Lemma Series_Pterm_ge (t q : R) (L : nat) : 0 <= t -> q < 0 ->
  2 ^ L * t <= / 4 -> 2 ^ L * - q <= / 4 -> INR L * / 2 <= Series (Pterm t q).
Proof.
  intros Ht Hq HtL HqL.
  apply Series_ge_first_terms; [intros k; apply Rlt_le, Pterm_pos | now apply ex_series_Pterm |].
  intros k Hk.
  assert (Hln2 : ln 2 < 1).
  { rewrite <- ln_exp. apply ln_increasing; [lra|]. pose proof (exp_ineq1 1 ltac:(lra)). lra. }
  assert (HkL : INR (S k) <= 2 ^ L)
    by (pose proof (INR_le_pow2 L); pose proof (le_INR _ _ Hk); lra).
  assert (HxL : 2 ^ S k <= 2 ^ L) by (apply Rle_pow; [lra | lia]).
  assert (Hw : INR (S k) * t * ln 2 <= / 4).
  { assert (0 <= INR (S k) * t) by (apply Rmult_le_pos; [apply pos_INR | lra]).
    assert (INR (S k) * t <= 2 ^ L * t) by (apply Rmult_le_compat_r; lra).
    pose proof ln_lt_2. nra. }
  assert (Hx : 2 ^ S k * - q <= / 4) by nra.
  unfold Pterm, Rpower. rewrite <- exp_plus.
  pose proof (exp_ineq1_le (- (INR (S k) * t) * ln 2 + 2 ^ S k * q)). lra.
Qed.

Lemma Series_Pnum_term_ge_tail (t q : R) (K : nat) : 0 <= t -> q < 0 -> (0 < K)%nat ->
  2 ^ S K * (Series (Pterm t q) - INR K) <= Series (Pnum_term t q).
Proof.
  intros Ht Hq HK.
  pose proof (ex_series_Pterm t q Ht Hq) as ES. pose proof (ex_series_Pnum_term t q Ht Hq) as EN.
  rewrite (Series_incr_n _ K HK ES), (Series_incr_n _ K HK EN).
  assert (Hhead_num : 0 <= sum_f_R0 (Pnum_term t q) (pred K)).
  { apply cond_pos_sum. intros k. apply Rlt_le, Pnum_term_pos. }
  assert (Hhead : sum_f_R0 (Pterm t q) (pred K) <= INR K).
  { replace (INR K) with (sum_f_R0 (fun _ => 1) (pred K))
      by (rewrite sum_cte, Nat.succ_pred_pos; lia || ring).
    apply sum_Rle. intros k _. apply Pterm_le_1; lra. }
  assert (Htail : 2 ^ S K * Series (fun k => Pterm t q (K + k)%nat)
                  <= Series (fun k => Pnum_term t q (K + k)%nat)).
  { rewrite <- Series_scal_l. apply Series_le; [|now apply (ex_series_incr_n (Pnum_term t q) K)].
    intros k. rewrite Pnum_term_Pterm.
    pose proof (Pterm_pos t q (K + k)). pose proof (pow_lt 2 (S K)).
    assert (2 ^ S K <= 2 ^ S (K + k)) by (apply Rle_pow; [lra | lia]). split; nra. }
  pose proof (pow_lt 2 (S K)). nra.
Qed.

Lemma dPdq_ge_pow2 (t q : R) (K : nat) : 0 <= t -> q < 0 -> (0 < K)%nat ->
  2 * INR K <= Series (Pterm t q) -> 2 ^ K <= dPdq t q.
Proof.
  intros Ht Hq HK HS.
  pose proof (Series_Pnum_term_ge_tail t q K Ht Hq HK) as HN.
  pose proof (Series_Pterm_pos t q Ht Hq).
  rewrite dPdq_eq, <- Rle_div_r by assumption.
  (* [S - K >= S / 2], so [N >= 2 ^ S K * S / 2] *)
  simpl pow in HN. pose proof (pow_lt 2 K). nra.
Qed.

Lemma dPdq_unbounded_at_origin (M : R) : exists delta : posreal, forall t q : R,
  0 <= t -> q < 0 -> Rabs t < delta -> Rabs q < delta -> M < dPdq t q.
Proof.
  destruct (INR_archimed 1 M ltac:(lra)) as [K0 HK0]. rewrite Rmult_1_r in HK0.
  set (K := S K0). set (L := (4 * K)%nat).
  assert (HL : 0 < 2 ^ L) by (apply pow_lt; lra).
  assert (Hdelta : 0 < / (4 * 2 ^ L)) by (apply Rinv_0_lt_compat; lra).
  exists (mkposreal _ Hdelta). intros t q Ht Hq Htd Hqd. cbn [pos] in Htd, Hqd.
  rewrite Rabs_pos_eq in Htd by lra. rewrite Rabs_left in Hqd by lra.
  assert (Hsmall : forall x, 0 <= x < / (4 * 2 ^ L) -> 2 ^ L * x <= / 4).
  { intros x Hx. replace (/ 4) with (2 ^ L * / (4 * 2 ^ L)) by (field; lra).
    apply Rmult_le_compat_l; lra. }
  pose proof (Series_Pterm_ge t q L Ht Hq (Hsmall t ltac:(lra)) (Hsmall (- q) ltac:(lra))) as HS.
  assert (HLK : INR L * / 2 = 2 * INR K) by (unfold L; rewrite mult_INR; simpl; field).
  pose proof (dPdq_ge_pow2 t q K Ht Hq ltac:(unfold K; lia) ltac:(lra)).
  pose proof (INR_le_pow2 K). unfold K in *. rewrite S_INR in *. lra.
Qed.

Theorem proposition5p2 :
  (* formula for the partial derivative on D_1 = {t >= 0, q < 0} *)
  (forall t q : R, 0 <= t -> q < 0 ->
     is_derive (fun x => P t x) q
       (Series (Pnum_term t q) / Series (Pterm t q))) /\
  (* (1) for fixed 0 < t <= 1, dP/dq -> +oo as q -> 0^- *)
  (forall t : R, 0 < t <= 1 ->
     filterlim (fun q => dPdq t q) (at_left 0) (Rbar_locally p_infty)) /\
  (* (2) dP/dq(t,q) -> +oo as (t,q) -> (0,0) within D_1 *)
  (forall M : R, exists delta : posreal,
     forall t q : R, 0 <= t -> q < 0 -> Rabs t < delta -> Rabs q < delta ->
       M < dPdq t q) /\
  (* (3) dP/dq > 2 on D_1, and dP/dq -> 2 as q -> -oo for fixed t >= 0 *)
  (forall t q : R, 0 <= t -> q < 0 -> 2 < dPdq t q) /\
  (forall t : R, 0 <= t ->
     filterlim (fun q => dPdq t q) (Rbar_locally m_infty) (locally 2)).
Proof.
  exact (conj is_derive_P (conj filterlim_dPdq_at_left_0
           (conj dPdq_unbounded_at_origin (conj dPdq_gt_2 filterlim_dPdq_m_infty)))).
Qed.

▬▬▬▬▬▬▬▬▬▬

Task brief: One number answers this exercise: the count of lines above in which the word "Hdelta" appears.

Response for this exercise: 2